Poverty isn’t just a lack of money—it’s a meticulously engineered trap (done mostly by “developed” countries). While the so-called “developed” world pats itself on the back for occasional charitable gestures, billions remain ensnared in systems designed to keep them poor, hungry, and powerless. The bitter irony? The very countries lamenting global poverty are often the ones perpetuating it through exploitation, climate destruction, and a stubborn refusal to address root causes.

Hunger: The self-perpetuating crisis

Undernourishment isn’t merely a symptom of poverty—it’s a generational curse. A malnourished mother gives birth to a child already at a disadvantage: weakened immune systems, stunted growth, and cognitive impairments that echo through a lifetime. These children struggle in school, earn less as adults, and are more likely to develop chronic illnesses, ensuring the cycle continues. And let’s not pretend this is some natural phenomenon. Climate change—driven overwhelmingly by the carbon excesses of wealthy nations—worsens droughts and floods, decimating crops and displacing populations. Hunger breeds desperation, and desperation breeds conflict. But of course, when the bombs drop, it’s the poor who die first.

Isolation: The invisible cage

Poverty thrives in isolation—geographic, social, and economic. Remote villages with no roads, no schools, no hospitals are left to rot, while women and minorities are systematically excluded from opportunity under the guise of “tradition” or “religion.” No infrastructure means no escape. No education means no upward mobility. And no voice means no one in power has to care.

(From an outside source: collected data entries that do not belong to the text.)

Definition is_open {n} (G : vec n -> Prop) : Prop :=
  forall x, G x -> exists r, r > 0 /\ forall y, vnorm (vsub y x) < r -> G y.
Definition is_convex {n} (C : vec n -> Prop) : Prop :=
  forall x y t, C x -> C y -> 0 <= t <= 1 -> C (vadd x (vscal t (vsub y x))).

Definition quasiconvex_on {n} (G : vec n -> Prop) (f : vec n -> R) : Prop :=
  forall x y t, G x -> G y -> 0 <= t <= 1 ->
    f (vadd x (vscal t (vsub y x))) <= Rmax (f x) (f y).

Definition has_gradient {n} (G : vec n -> Prop) (f : vec n -> R) (x d : vec n) : Prop :=
  forall eps, eps > 0 -> exists delta, delta > 0 /\
    forall h, G (vadd x h) -> vnorm h < delta ->
      Rabs (f (vadd x h) - f x - dot d h) <= eps * vnorm h.

Definition tangent_cone {n} (X : vec n -> Prop) (x : vec n) : vec n -> Prop :=
  fun v => exists (t : nat -> R) (d : nat -> vec n),
    (forall k, t k > 0) /\ Un_cv t 0 /\
    Un_cv (fun k => vnorm (vsub (d k) v)) 0 /\
    (forall k, X (vadd x (vscal (t k) (d k)))).

Definition polar {n} (C : vec n -> Prop) : vec n -> Prop :=
  fun y => forall c, C c -> dot c y <= 0.

Definition normal_cone {n} (X : vec n -> Prop) (x : vec n) : vec n -> Prop :=
  polar (tangent_cone X x).

Definition feasible {n m} (X : vec n -> Prop) (g : Fin.t m -> vec n -> R) : vec n -> Prop :=
  fun x => X x /\ forall i, g i x <= 0.
Definition solution_set {n m} (X : vec n -> Prop) (f : vec n -> R)
    (g : Fin.t m -> vec n -> R) : vec n -> Prop :=
  fun x => feasible X g x /\ forall y, feasible X g y -> f x <= f y.

Definition active {n m} (g : Fin.t m -> vec n -> R) (x : vec n) (i : Fin.t m) : Prop :=
  g i x = 0.

Definition sum_active {n m} (g : Fin.t m -> vec n -> R) (xbar : vec n)
    (F : Fin.t m -> R) : R :=
  sumF m (fun i => if Req_EM_T (g i xbar) 0 then F i else 0).

Definition GMFCQ {n m} (X : vec n -> Prop) (g : Fin.t m -> vec n -> R)
    (gg : Fin.t m -> vec n -> vec n) (xbar : vec n) : Prop :=
  exists y, polar (normal_cone X xbar) y /\
    forall i, active g xbar i -> dot (gg i xbar) y < 0.

(* KKT multiplier at xbar; gf, gg are the gradients of f, g_i *)
Definition KKT_multiplier {n m} (X : vec n -> Prop) (g : Fin.t m -> vec n -> R)
    (gf : vec n -> vec n) (gg : Fin.t m -> vec n -> vec n) (xbar : vec n)
    (lam : Fin.t m -> R) : Prop :=
  (forall i, lam i >= 0) /\ (forall i, lam i * g i xbar = 0) /\
  forall x, X x ->
    dot (fun j => gf xbar j + sum_active g xbar (fun i => lam i * gg i xbar j))
        (vsub x xbar) >= 0.

Definition Itilde {n m} (g : Fin.t m -> vec n -> R) (xbar : vec n)
    (lam : Fin.t m -> R) (i : Fin.t m) : Prop :=
  g i xbar = 0 /\ lam i > 0.

Definition X1 {n m} (X : vec n -> Prop) (g : Fin.t m -> vec n -> R) (xbar : vec n)
    (lam : Fin.t m -> R) : vec n -> Prop :=
  fun x => X x /\
    (forall i, Itilde g xbar lam i -> g i x = 0) /\
    (forall i, ~ Itilde g xbar lam i -> g i x <= 0).

Definition lagrangian {n m} (f : vec n -> R) (g : Fin.t m -> vec n -> R)
    (xbar : vec n) (lam : Fin.t m -> R) (x : vec n) : R :=
  f x + sum_active g xbar (fun i => lam i * g i x).

From Stdlib Require Import Reals.
From Stdlib Require Vectors.Fin.
From Stdlib Require Import Lra Psatz FunctionalExtensionality.
Open Scope R_scope.

(* For a solution x, the KKT inequality at xbar in the direction x - xbar is a sum
   of nonpositive terms: grad f(xbar).(x - xbar) <= 0 and grad g_i(xbar).(x - xbar) <= 0
   for active i, both by the gradient inequality of differentiable quasiconvex
   functions.  Hence every term with lambda_i > 0 vanishes.  If moreover g_i(x) < 0,
   then g_i stays negative at x - s y for the GMFCQ direction y and small s > 0
   (Gamma is open), and the gradient inequality at xbar gives
   grad g_i(xbar).y >= 0, contradicting GMFCQ.  So g_i(x) = 0 on the solution
   set for i in I~, which kills the multiplier terms of the Lagrangian there, and
   L = f is constant on the solution set. *)

Lemma sumF_ext n (F G : Fin.t n -> R) :
  (forall i, F i = G i) -> sumF n F = sumF n G.
Proof.
  revert F G; induction n; intros F G H; simpl; auto.
  rewrite H, (IHn (fun i => F (Fin.FS i)) (fun i => G (Fin.FS i))); auto.
Qed.

Lemma sumF_plus n (F G : Fin.t n -> R) :
  sumF n (fun i => F i + G i) = sumF n F + sumF n G.
Proof.
  revert F G; induction n; intros F G; simpl; [lra|].
  rewrite (IHn (fun i => F (Fin.FS i)) (fun i => G (Fin.FS i))); lra.
Qed.

Lemma sumF_scal n c (F : Fin.t n -> R) :
  sumF n (fun i => c * F i) = c * sumF n F.
Proof.
  revert F; induction n; intros F; simpl; [lra|].
  rewrite (IHn (fun i => F (Fin.FS i))); lra.
Qed.

Lemma sumF_zero n (F : Fin.t n -> R) : (forall i, F i = 0) -> sumF n F = 0.
Proof.
  revert F; induction n; intros F H; simpl; [reflexivity|].
  rewrite H, (IHn (fun i => F (Fin.FS i))); auto; lra.
Qed.

Lemma sumF_swap n m (F : Fin.t m -> Fin.t n -> R) :
  sumF n (fun j => sumF m (fun i => F i j)) = sumF m (fun i => sumF n (fun j => F i j)).
Proof.
  revert F; induction n; intros F; simpl.
  - symmetry; apply sumF_zero; reflexivity.
  - rewrite IHn, <- sumF_plus. reflexivity.
Qed.

Lemma sumF_nonpos n (F : Fin.t n -> R) : (forall i, F i <= 0) -> sumF n F <= 0.
Proof.
  revert F; induction n; intros F H; simpl; [lra|].
  specialize (IHn (fun i => F (Fin.FS i)) (fun i => H _)). specialize (H Fin.F1). lra.
Qed.

Lemma sumF_nonpos_eq0 n (F : Fin.t n -> R) :
  (forall i, F i <= 0) -> 0 <= sumF n F -> forall i, F i = 0.
Proof.
  revert F; induction n; intros F H Hs i.
  - inversion i.
  - simpl in Hs.
    pose proof (sumF_nonpos n (fun i => F (Fin.FS i)) (fun i => H _)).
    pose proof (H Fin.F1).
    apply (Fin.caseS' i (fun i => F i = 0)); [lra|].
    intros p. apply (IHn (fun i => F (Fin.FS i))); auto. lra.
Qed.

Lemma dot_vadd_r n (d a b : vec n) : dot d (vadd a b) = dot d a + dot d b.
Proof. unfold dot, vadd. rewrite <- sumF_plus. apply sumF_ext; intros; ring. Qed.

Lemma dot_vadd_l n (a b v : vec n) : dot (vadd a b) v = dot a v + dot b v.
Proof. unfold dot, vadd. rewrite <- sumF_plus. apply sumF_ext; intros; ring. Qed.

Lemma dot_vscal_r n (d a : vec n) c : dot d (vscal c a) = c * dot d a.
Proof. unfold dot, vscal. rewrite <- sumF_scal. apply sumF_ext; intros; ring. Qed.

Lemma dot_vscal_l n (a v : vec n) c : dot (vscal c a) v = c * dot a v.
Proof. unfold dot, vscal. rewrite <- sumF_scal. apply sumF_ext; intros; ring. Qed.

Lemma dot_sumF_l n m (F : Fin.t m -> vec n) (v : vec n) :
  dot (fun j => sumF m (fun i => F i j)) v = sumF m (fun i => dot (F i) v).
Proof.
  unfold dot. rewrite <- sumF_swap. apply sumF_ext; intro j.
  rewrite Rmult_comm, <- sumF_scal. apply sumF_ext; intros; ring.
Qed.

Lemma vnorm_nonneg n (v : vec n) : 0 <= vnorm v.
Proof. apply sqrt_pos. Qed.

Lemma vnorm_vscal n c (v : vec n) : vnorm (vscal c v) = Rabs c * vnorm v.
Proof.
  unfold vnorm.
  replace (dot (vscal c v) (vscal c v)) with (Rsqr c * dot v v).
  - rewrite sqrt_mult_alt by apply Rle_0_sqr. rewrite sqrt_Rsqr_abs. reflexivity.
  - unfold dot, vscal, Rsqr. rewrite <- sumF_scal. apply sumF_ext; intros; ring.
Qed.

Lemma vsub_vadd_l n (x h : vec n) : vsub (vadd x h) x = h.
Proof. apply functional_extensionality; intro j. unfold vsub, vadd; ring. Qed.

Lemma vsub_vadd_comm n (x h z : vec n) : vsub (vadd x h) z = vadd (vsub x z) h.
Proof. apply functional_extensionality; intro j. unfold vsub, vadd; ring. Qed.

Lemma Rabs_le_inv x b : Rabs x <= b -> - b <= x <= b.
Proof. intros H. pose proof (Rle_abs x). pose proof (Rle_abs (- x)). rewrite Rabs_Ropp in *. lra. Qed.

Lemma exists_small_step N delta :
  0 <= N -> 0 < delta -> exists t, 0 < t <= 1 /\ t * N < delta.
Proof.
  intros HN Hd. exists (Rmin 1 (delta / (N + 1))).
  assert (Hq : delta / (N + 1) * (N + 1) = delta) by (field; lra).
  assert (0 < delta / (N + 1)) by (apply Rdiv_lt_0_compat; lra).
  pose proof (Rmin_l 1 (delta / (N + 1))). pose proof (Rmin_r 1 (delta / (N + 1))).
  split; [split; [apply Rmin_glb_lt; lra | assumption]|]. nra.
Qed.

Section Gradient.

Variables (n : nat) (G : vec n -> Prop) (f : vec n -> R) (x d : vec n).
Hypothesis Hgrad : has_gradient G f x d.

Lemma has_gradient_descent_dir (v : vec n) :
  (forall t, 0 < t <= 1 -> G (vadd x (vscal t v)) /\ f (vadd x (vscal t v)) <= f x) ->
  dot d v <= 0.
Proof.
  intros Hdescent. destruct (Rle_or_lt (dot d v) 0) as [|Hpos]; [assumption|].
  exfalso. set (N := vnorm v). pose proof (vnorm_nonneg n v) as HN. fold N in HN.
  set (eps := dot d v / (2 * (N + 1))).
  assert (Heps : eps * (2 * (N + 1)) = dot d v) by (unfold eps; field; lra).
  destruct (Hgrad eps ltac:(nra)) as [delta [Hdelta Happrox]].
  destruct (exists_small_step N delta HN Hdelta) as [t [Ht HtN]].
  destruct (Hdescent t Ht) as [HG Hle].
  assert (Hnorm : vnorm (vscal t v) = t * N)
    by (rewrite vnorm_vscal, Rabs_right by lra; reflexivity).
  specialize (Happrox (vscal t v) HG ltac:(rewrite Hnorm; lra)).
  rewrite Hnorm, dot_vscal_r in Happrox. apply Rabs_le_inv in Happrox as [Hlow _].
  assert (eps * N < dot d v) by nra.
  nra.
Qed.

Infrastructure: The broken ladder

The equation is simple: no infrastructure, no way out. Roads, clean water, healthcare, and schools are the bare minimum for a functioning society, yet they remain out of reach for millions. Early warning systems could save lives from disasters, but why invest in prevention when you can exploit the aftermath? Gender equality could lift entire communities, but patriarchal structures ensure women stay trapped in unpaid labour. Education could break the cycle of poverty, but when children must work to survive, classrooms stay empty.

And let’s not forget the grand hypocrisy of “aid.” Western nations love to swoop in with their pre-packaged solutions—dropping food instead of funding sustainable agriculture, building schools without training teachers, donating medicines while pharmaceutical companies price-gouge. The most effective way to help? Ask people what they actually need. But that would require listening, and listening doesn’t make headlines.

Resource theft: The global land grab

While corporations and wealthy nations hoard fertile land, mines, and fisheries, traditional livelihoods vanish. Climate change accelerates the crisis, rendering once-fertile regions barren. The result? Millions forced into slums, sweatshops, or dangerous migration routes—all while the same corporations that stole their resources profit from their desperation.

Resilience without a safety net

For the poor, disaster doesn’t mean inconvenience—it means ruin. No savings, no insurance, no food reserves. When crisis hits, families are forced to sell the little they have, including, in the worst cases, their own children. Adoption, prostitution, forced marriage—these are not choices, but survival strategies in a world that has abandoned them.

The unspoken truth

Poverty isn’t an accident. It’s the inevitable result of a global system built on extraction and inequality. The rich world’s comfort depends on the poor world’s suffering. Until that changes, no amount of charity or half-measures will fix what was designed to be broken.